### Work task
Repeat verbatim, and only, the lines of the data below, beginning at the line that contains "cinner (evol J t *m e0 R N) (e0 R N) = 0." and stopping after the line that contains "comparing the entries".

### Stored data
(* Let $J$ be a $3\times 3$ Jacobi matrix that realizes perfect state transfer, and let $T_0>0$ be the earliest time at which perfect state transfer occurs. Then $J$ does not have Early State Exclusion; that is, there is no $t$ with $0<t<T_0$ such that $(e^{-iJt}\mathbf{e}_0,\mathbf{e}_0)_{\mathbb{C}^{3}}=0$.
   Context: A Jacobi matrix of order $N+1$ is a real symmetric tridiagonal $(N+1)\times(N+1)$ matrix $J$ with diagonal entries $a_0,\dots,a_N\in\mathbb{R}$ and off-diagonal entries $b_0,\dots,b_{N-1}>0$. Let $\mathbf{e}_0,\dots,\mathbf{e}_N$ be the standard basis of $\mathbb{C}^{N+1}$. $J$ realizes perfect state transfer (PST) at time $T>0$ if $e^{-iTJ}\mathbf{e}_0=e^{i\phi}\mathbf{e}_N$ for some $\phi\in\mathbb{R}$. If $T_0$ is the earliest (smallest positive) such time, $J$ is said to have Early State Exclusion (ESE) at time $t$ if $0<t<T_0$ and $(e^{-iJt}\mathbf{e}_0,\mathbf{e}_0)_{\mathbb{C}^{N+1}}=0$. *)

From HB Require Import structures.
From mathcomp Require Import all_boot all_order all_algebra.
From mathcomp Require Export complex.
From mathcomp Require Import all_classical all_reals all_analysis.
Import Order.TTheory GRing.Theory Num.Theory.
Import numFieldNormedType.Exports.
Set Implicit Arguments. Unset Strict Implicit. Unset Printing Implicit Defensive.
Local Open Scope ring_scope.
Local Open Scope complex_scope.
Local Open Scope classical_set_scope.

(* Topology / norm on C = R[i] : the one induced by the complex modulus. *)
HB.instance Definition _ (R : rcfType) := PseudoPointedMetric.copy R[i] (R[i])^o.
HB.instance Definition _ (R : rcfType) := NormedModule.copy R[i] (R[i])^o.

Definition expmx (R : realType) (n : nat) (A : 'M[R[i]]_n) : 'M[R[i]]_n :=
  \matrix_(i, j) lim ((\sum_(k < m) (k`!%:R)^-1 * (A ^+ k) i j) @[m --> \oo]).

Definition is_jacobi (R : realType) (N : nat) (J : 'M[R]_N.+1) : Prop :=
  (forall i j : 'I_N.+1, J i j = J j i) /\
  (forall i j : 'I_N.+1, (i.+1 < j)%N -> J i j = 0) /\
  (forall i j : 'I_N.+1, j = i.+1 :> nat -> 0 < J i j).

Definition cplx_mx (R : realType) (N : nat) (J : 'M[R]_N.+1) : 'M[R[i]]_N.+1 :=
  map_mx (fun x : R => x%:C) J.

Definition evol (R : realType) (N : nat) (J : 'M[R]_N.+1) (t : R) : 'M[R[i]]_N.+1 :=
  expmx ((- ('i * t%:C)) *: cplx_mx J).

Definition e0 (R : realType) (N : nat) : 'cV[R[i]]_N.+1 := delta_mx ord0 0.
Definition eN (R : realType) (N : nat) : 'cV[R[i]]_N.+1 := delta_mx ord_max 0.

Definition cinner (R : realType) (N : nat) (u v : 'cV[R[i]]_N.+1) : R[i] :=
  \sum_(k < N.+1) u k 0 * (v k 0)^*.

Definition PST_at (R : realType) (N : nat) (J : 'M[R]_N.+1) (T : R) : Prop :=
  0 < T /\ exists phi : R,
    evol J T *m e0 R N = (cos phi +i* sin phi) *: eN R N.

Definition realizes_PST (R : realType) (N : nat) (J : 'M[R]_N.+1) : Prop :=
  exists T : R, PST_at J T.

Definition earliest_PST_time (R : realType) (N : nat) (J : 'M[R]_N.+1) (T0 : R) : Prop :=
  PST_at J T0 /\ (forall T : R, 0 < T < T0 -> ~ PST_at J T).

Definition ESE_at (R : realType) (N : nat) (J : 'M[R]_N.+1) (t : R) : Prop :=
  exists T0 : R, earliest_PST_time J T0 /\ 0 < t < T0 /\
    cinner (evol J t *m e0 R N) (e0 R N) = 0.

(* Diagonalising the real symmetric matrix J by a unitary matrix shows that
   U(t) = e^{-itJ} is unitary, symmetric, commutes with J, and inherits every
   index symmetry of J.  For a 3x3 Jacobi matrix, PST at T means
   |U(T)_{20}| = 1; unitarity and symmetry then give
   U(T)_{00} = U(T)_{01} = U(T)_{21} = U(T)_{22} = 0 and |U(T)_{11}| = 1, and
   comparing the entries (0,1) and (0,2) of U(T) J = J U(T) yields a_2 = a_0 and
   b_1 = b_0: J is mirror symmetric, hence so is every U(t).  If U(t)_{00} = 0,
   then U(t)_{22} = 0 and U(t)_{21} = U(t)_{01}, so orthogonality of rows 0 and 2
   forces U(t)_{01} = 0 and |U(t)_{20}| = 1: there is already PST at t, which
   contradicts the minimality of the earliest PST time T_0 > t. *)

From mathcomp Require Import all_boot all_order all_algebra.
From mathcomp Require Import all_classical all_reals all_analysis.
From mathcomp Require Import sesquilinear spectral ring lra.
Import Order.TTheory GRing.Theory Num.Theory.
Import numFieldNormedType.Exports.
Set Implicit Arguments.
Unset Strict Implicit.
Unset Printing Implicit Defensive.
Local Open Scope ring_scope.
Local Open Scope complex_scope.
Local Open Scope classical_set_scope.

### Output of the task
    cinner (evol J t *m e0 R N) (e0 R N) = 0.

(* Diagonalising the real symmetric matrix J by a unitary matrix shows that
   U(t) = e^{-itJ} is unitary, symmetric, commutes with J, and inherits every
   index symmetry of J.  For a 3x3 Jacobi matrix, PST at T means
   |U(T)_{20}| = 1; unitarity and symmetry then give
   U(T)_{00} = U(T)_{01} = U(T)_{21} = U(T)_{22} = 0 and |U(T)_{11}| = 1, and
   comparing the entries (0,1) and (0,2) of U(T) J = J U(T) yields a_2 = a_0 and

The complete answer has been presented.